U407 Angle Check Valve
U407 Angle Check Valves are installed on suction system, fuel lines on top of fuel storage tanks to maintain prime. Models are available with male threaded inlets for connection directly into tank bung fittings or with female inlets for connection to a nipple that is threaded into a tank bung fitting. Single-poppet models can be used in applications where the valve is easily accessible for maintenance and disc cleaning or replacement.
Materials:
Body: cast steel
Surface: electronic Nickel plated
Seal : Viton Cased Oil Seal
Features:
U407 features a spring-loaded poppet and Viton Cased Oil Seal discs to assist in keeping the valve closed when installed in high-vibration areas
The Angle Check Valves are recommended for use on suction lines where the pressure does not exceed 34 ft of head. ( approximately 15 psi.)
Materials is cast steel diffrent with cast iron materials , the body will be more stronger more hermetical more pressure resistance
Used for disel, gasoline, ethanol etc.
100% Factory Tested.
we are committed to create the best workplace, encourage our staffs to put their own personalities into their jobs, and provide them a stage to show themselves.
r business of Philips, a Dutch conglome fuel dispenser rate, which could have been combined with
Freescale.
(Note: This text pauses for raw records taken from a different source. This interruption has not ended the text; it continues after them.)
Definition language {m : nat} (x : nat -> 'I_m) : set (seq 'I_m) :=
  [set w | exists k n : nat, (1 <= n)%N /\ w = subword x k n].

Definition recurrent {m : nat} (x : nat -> 'I_m) : Prop :=
  forall w, language x w -> forall N : nat, exists k : nat,
    (N <= k)%N /\ subword x k (size w) = w.

From HB Require Import structures.
From mathcomp Require Import all_boot all_order all_algebra.
From mathcomp Require Import all_classical all_reals all_analysis.
From mathcomp Require Import zify ring lra.
Set Implicit Arguments. Unset Strict Implicit. Unset Printing Implicit Defensive.
Import Order.TTheory GRing.Theory Num.Theory.
Local Open Scope ring_scope.
Local Open Scope classical_set_scope.

(* Write nu w for the norm of the matrix product along the word w and rho for the
   joint spectral radius, and call a word extremal when each of its nonempty
   prefixes p satisfies nu p >= rho ^ |p| / 2.  If from some position on no
   window of length N of x were extremal, the normalised norms
   nu (x_1 .. x_n) / rho ^ n would halve at least once every N steps and so
   decay geometrically, which very weak extremality forbids; hence x has
   extremal windows of every length arbitrarily far out.  By Koenig's lemma
   these windows accumulate on a sequence whose prefixes are all extremal (so
   it is strongly extremal with delta = 1/2) and whose language lies in L(x).
   Zorn's lemma yields such a sequence y with minimal language.  The same
   compactness argument applied to a tail of y gives a sequence of this kind
   whose language lies in that of the tail, so by minimality every subword of
   y occurs in every tail: y is recurrent.  Beyond its being the limsup in the
   hypothesis, no property of the joint spectral radius is used. *)

Section OperatorNorm.
Context {R : realType} {d : nat}.
Implicit Types (A : 'M[R]_d) (v : 'cV[R]_d).

Lemma eucl_ge0 v : 0 <= eucl v.
Proof. exact: sqrtr_ge0. Qed.

Lemma euclZ (c : R) v : eucl (c *: v) = `|c| * eucl v.
Proof.
rewrite /eucl; under eq_bigr => i _ do rewrite mxE exprMn.
by rewrite -mulr_sumr sqrtrM ?sqr_ge0 // sqrtr_sqr.
Qed.

Lemma eucl0 : eucl (0 : 'cV[R]_d) = 0.
Proof. by rewrite -(scale0r (0 : 'cV[R]_d)) euclZ normr0 mul0r. Qed.

Lemma eucl_eq0 v : eucl v = 0 -> v = 0.
Proof.
move=> /eqP; rewrite /eucl sqrtr_eq0 => sum_le0.
have /psumr_eq0P sum0 : \sum_(i < d) v i 0 ^+ 2 = 0.
  by apply/eqP; rewrite eq_le sum_le0 sumr_ge0 // => i _; rewrite sqr_ge0.
apply/matrixP => i j; rewrite ord1 mxE.
by apply/eqP; rewrite -sqrf_eq0; apply/eqP/sum0 => // k _; rewrite sqr_ge0.
Qed.

Lemma normr_coord_le_eucl v i : `|v i 0| <= eucl v.
Proof.
rewrite /eucl -sqrtr_sqr ler_sqrt ?sumr_ge0 // => [|j _]; last exact: sqr_ge0.
by rewrite (bigD1 i) //= lerDl sumr_ge0 // => j _; exact: sqr_ge0.
Qed.

Lemma opnorm_set_bounded A :
  has_ubound [set eucl (A *m v) | v in [set v | eucl v <= 1]].
Proof.
exists (Num.sqrt (\sum_(i < d) (\sum_(j < d) `|A i j|) ^+ 2)) => _ [v v_le1 <-].
rewrite /eucl ler_sqrt; last by rewrite sumr_ge0 // => i _; exact: sqr_ge0.
apply: ler_sum => i _; rewrite mxE.
rewrite -[_ ^+ 2]ger0_norm ?sqr_ge0 // normrX lerXn2r ?nnegrE ?sumr_ge0 //.
apply: le_trans (ler_norm_sum _ _ _) _; apply: ler_sum => j _.
by rewrite normrM ler_piMr //; exact: le_trans (normr_coord_le_eucl v j) v_le1.
Qed.

Lemma opnorm_ub A v : eucl v <= 1 -> eucl (A *m v) <= opnorm A.
Proof. by move=> v_le1; apply: (ub_le_sup (opnorm_set_bounded A)); exists v. Qed.

Lemma opnorm_ge0 A : 0 <= opnorm A.
Proof. by have := @opnorm_ub A 0; rewrite mulmx0 eucl0 ler01; apply. Qed.

Lemma opnorm_le A v : eucl (A *m v) <= opnorm A * eucl v.
Proof.
have [/eucl_eq0 ->|v_neq0] := eqVneq (eucl v) 0; first by rewrite mulmx0 eucl0 mulr0.
have v_gt0 : 0 < eucl v by rewrite lt_def v_neq0 eucl_ge0.
have := @opnorm_ub A ((eucl v)^-1 *: v).
rewrite -scalemxAr !euclZ ger0_norm ?invr_ge0 ?eucl_ge0 // mulVf // lexx.
by move=> /(_ isT); rewrite ler_pdivrMl // mulrC.
Qed.

Lemma opnormM A A' : opnorm (A * A') <= opnorm A * opnorm A'.
Proof.
apply: ge_sup; first by exists (eucl (A * A' *m 0)), 0; rewrite //= eucl0.
move=> _ [v v_le1 <-]; rewrite -mulmxE -mulmxA.
apply: le_trans (opnorm_le _ _) _; rewrite ler_wpM2l ?opnorm_ge0 //.
by apply: le_trans (opnorm_le _ _) _; rewrite ler_piMr ?opnorm_ge0.
Qed.

Lemma opnorm1 : opnorm (1 : 'M[R]_d) <= 1.
Proof.
apply: ge_sup; first by exists (eucl (1 *m (0 : 'cV[R]_d))), 0; rewrite //= eucl0.
by move=> _ [v v_le1 <-]; rewrite mul1mx.
Qed.

End OperatorNorm.

Section Subwords.
Context {m : nat}.
Implicit Types (z : nat -> 'I_m) (L : set (seq 'I_m)).

Lemma size_subword z k n : size (subword z k n) = n.
Proof. exact: size_mkseq. Qed.

Lemma subwordD z k n1 n2 :
  subword z k (n1 + n2) = subword z k n1 ++ subword z (k + n1) n2.
Proof.
rewrite /subword /mkseq iotaD map_cat; congr (_ ++ _).
rewrite add0n -[n1 in iota n1 _]addn0 iotaDl -map_comp.
by apply: eq_map => i /=; rewrite addnA.
Qed.

Lemma subwordS z k n : subword z k n.+1 = rcons (subword z k n) (z (k + n)%N).
Proof. by rewrite -addn1 subwordD cats1 /subword /mkseq /= addn0. Qed.

Lemma take_subword z k n t : (t <= n)%N -> take t (subword z k n) = subword z k t.
Proof. by move=> le_tn; rewrite -(subnKC le_tn) subwordD take_size_cat ?size_subword. Qed.

Lemma drop_subword z k n t : (t <= n)%N ->
  drop t (subword z k n) = subword z (k + t) (n - t).
Proof. by move=> le_tn; rewrite -{1}(subnKC le_tn) subwordD drop_size_cat ?size_subword. Qed.

Lemma subword_shift z s k n : subword (fun i => z (s + i)%N) k n = subword z (s + k) n.
Proof. by apply: eq_map => i; rewrite addnA. Qed.

Lemma subword_infix z k n : infix (subword z k n) (subword z 0 (k + n)).
Proof. by rewrite subwordD add0n suffix_infix. Qed.

Lemma language_subword z k n : (0 < n)%N -> language z (subword z k n).
Proof. by exists k, n. Qed.

Definition factor_closed L := forall u w, L w -> infix u w -> u != [::] -> L u.

Lemma language_factor_closed z : factor_closed (language z).
Proof.
move=> u _ [k [n [_ ->]]] /infixP[s [s' def_w]] u_neq0.
have size_w : n = (size s + size u + size s')%N.
  by rewrite -(size_subword z k n) def_w !size_cat addnA.
have -> : u = subword z (k + size s) (size u).
  rewrite -(take_subword _ _ (_ : size u <= n - size s)%N); last by lia.
  by rewrite -drop_subword ?def_w ?drop_size_cat ?take_size_cat //; lia.
by apply: language_subword; rewrite lt0n size_eq0.
Qed.

End Subwords.

Section WordMatrices.
Context {R : realType} {d m : nat} (B : 'I_m -> 'M[R]_d).

Definition word_mx (w : seq 'I_m) : 'M[R]_d := \prod_(a <- rev w) B a.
But the only other industry in which private-equity firms have led consolidation is cinemas, an
experience which did not fuel dispenser end happily, cautions Josh Lerner of Harvard Business School.
Ironically, only two months ago, to mark the second anniversary of its initial public offering, Freescale
circulated a long list of its achievements. Two years as a public company, it said, had resulted in stronger
financial performance, more innovation, greater intimacy in its relationships with customers, and
substantial progress in a long-term cultural transition from a slow, methodical in-house semiconductor
unit to a fearless, energetic and self-sufficient business. Being an independent public company may be
better than being part of an unwieldy conglomerate. But today, it seems, nothing beats falling into the
arms of whichever group of private-equity gang-bangers is willing to pay the highest price.
© 2006 .
About sponsorship
Cluster analysis
Blame it on the typewriter
Sep 21st 2006 | AUSTIN
From The Economist print edition
How the Texan capital became a high-tech hub
HAD it not been for the humble typewriter, Austin might have been all politics and football, and no
venture capital. In 1967 IBM opened a plant in the city to make Selectric typewriters. It then moved on
to mainframe circuit-boards and terminals and eventually to personal computers. Other technology
outfits sprung fuel dispenser up in IBM s shadow. Texas Instruments (TI) arrived in 1969 and Sematech and MCC, two
industry research consortia, during the 1980s. Michael Dell founded his PC-making firm in 1984 while a
student at the University of Texas at Austin. Over 2,000 other technology firms set up shop in Austin
during the 1990s.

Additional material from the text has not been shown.